[Stored items]
------

Lemma N_bounds : 4 * K ^ 2 * ln K <= INR (N_of k) < 4 * K ^ 2 * ln K + 1.
Proof. by rewrite /N_of INR_ceil; [apply: Rceil_bounds | apply: N_bound_ge0]. Qed.

Let X := / tau ^ 2 * (3 * ln (/ tau) + ln (INR m)).

Lemma X_ge0 : 0 <= X.
Proof.
have hm : 0 <= ln (INR m).
  rewrite -ln_1; have h : 1 <= INR m by apply: (le_INR 1 m); apply/leP.
  case: (Rle_lt_or_eq_dec _ _ h) => [h1|<-]; last lra.
  by apply: Rlt_le; apply: ln_increasing; lra.
apply: Rmult_le_pos; last by have := ln_inv_tau_pos; lra.
by apply: Rlt_le; apply: Rinv_0_lt_compat; apply: pow_lt; case: tau_bounds.
Qed.

Lemma t_of_split : t_of k m = X + INR (N_of k) * INR (L_of k).
Proof.
rewrite /t_of /N_of /L_of -/tau -/X !INR_ceil //.
  exact: Rlt_le L_bound_pos.
exact: N_bound_ge0.
Qed.

Lemma t_of_ge0 : 0 <= t_of k m.
Proof.
rewrite t_of_split; have := X_ge0; have := pos_INR (N_of k); have := pos_INR (L_of k).
nra.
Qed.

Lemma T_le_t : INR (T_of k m) <= t_of k m.
Proof. by case: (floor_nat_bounds t_of_ge0). Qed.

Lemma NL_le_T : (N_of k * L_of k <= T_of k m)%N.
Proof.
rewrite -ltnS; apply/ltP; apply: INR_lt; rewrite S_INR mult_INR.
have [_ h] := floor_nat_bounds t_of_ge0; move: h; rewrite -/(T_of k m) t_of_split.
by have := X_ge0; lra.
Qed.

Lemma L_decay : (1 - tau ^ 2) ^ L_of k <= tau ^ 4.
Proof.
have [h0 h1] := tau_bounds; have hL := L_ge; have hl := ln_inv_tau_pos.
have htau2 : 0 < tau ^ 2 <= 1.
  by split; [apply: pow_lt | rewrite -(pow1 2); apply: pow_incr]; lra.
have hy : 0 < (/ tau) ^ 4 by apply: pow_lt; apply: Rinv_0_lt_compat.
rewrite -(Rinv_inv (tau ^ 4)) -pow_inv; apply: one_sub_pow_le_inv hy _; first lra.
rewrite ln_pow; last exact: Rinv_0_lt_compat.
have := Rmult_le_compat_l (tau ^ 2) _ _ (Rlt_le _ _ (proj1 htau2)) hL.
rewrite (_ : tau ^ 2 * (4 / tau ^ 2 * ln (/ tau)) = 4 * ln (/ tau)) /=; first lra.
by field; lra.
Qed.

------

[WORK TO BE COMPLETED]
The answer should consist of every entry, repeated word for word.

[EXERCISE ANSWER]
Lemma N_bounds : 4 * K ^ 2 * ln K <= INR (N_of k) < 4 * K ^ 2 * ln K + 1.
Proof. by rewrite /N_of INR_ceil; [apply: Rceil_bounds | apply: N_bound_ge0]. Qed.

Let X := / tau ^ 2 * (3 * ln (/ tau) + ln (INR m)).

Lemma X_ge0 : 0 <= X.
Proof.
have hm : 0 <= ln (INR m).
  rewrite -ln_1; have h : 1 <= INR m by apply: (le_INR 1 m); apply/leP.
  case: (Rle_lt_or_eq_dec _ _ h) => [h1|<-]; last lra.
  by apply: Rlt_le; apply: ln_increasing; lra.
apply: Rmult_le_pos; last by have := ln_inv_tau_pos; lra.
by apply: Rlt_le; apply: Rinv_0_lt_compat; apply: pow_lt; case: tau_bounds.
Qed.

Lemma t_of_split : t_of k m = X + INR (N_of k) * INR (L_of k).
Proof.
rewrite /t_of /N_of /L_of -/tau -/X !INR_ceil //.
  exact: Rlt_le L_bound_pos.
exact: N_bound_ge0.
Qed.

Lemma t_of_ge0 : 0 <= t_of k m.
Proof.
rewrite t_of_split; have := X_ge0; have := pos_INR (N_of k); have := pos_INR (L_of k).
nra.
Qed.

Lemma T_le_t : INR (T_of k m) <= t_of k m.
Proof. by case: (floor_nat_bounds t_of_ge0). Qed.

Lemma NL_le_T : (N_of k * L_of k <= T_of k m)%N.
Proof.
rewrite -ltnS; apply/ltP; apply: INR_lt; rewrite S_INR mult_INR.
have [_ h] := floor_nat_bounds t_of_ge0; move: h; rewrite -/(T_of k m) t_of_split.
by have := X_ge0; lra.
Qed.

Lemma L_decay : (1 - tau ^ 2) ^ L_of k <= tau ^ 4.
Proof.
have [h0 h1] := tau_bounds; have hL := L_ge; have hl := ln_inv_tau_pos.
have htau2 : 0 < tau ^ 2 <= 1.
  by split; [apply: pow_lt | rewrite -(pow1 2); apply: pow_incr]; lra.
have hy : 0 < (/ tau) ^ 4 by apply: pow_lt; apply: Rinv_0_lt_compat.
rewrite -(Rinv_inv (tau ^ 4)) -pow_inv; apply: one_sub_pow_le_inv hy _; first lra.
rewrite ln_pow; last exact: Rinv_0_lt_compat.
have := Rmult_le_compat_l (tau ^ 2) _ _ (Rlt_le _ _ (proj1 htau2)) hL.
rewrite (_ : tau ^ 2 * (4 / tau ^ 2 * ln (/ tau)) = 4 * ln (/ tau)) /=; first lra.
by field; lra.
Qed.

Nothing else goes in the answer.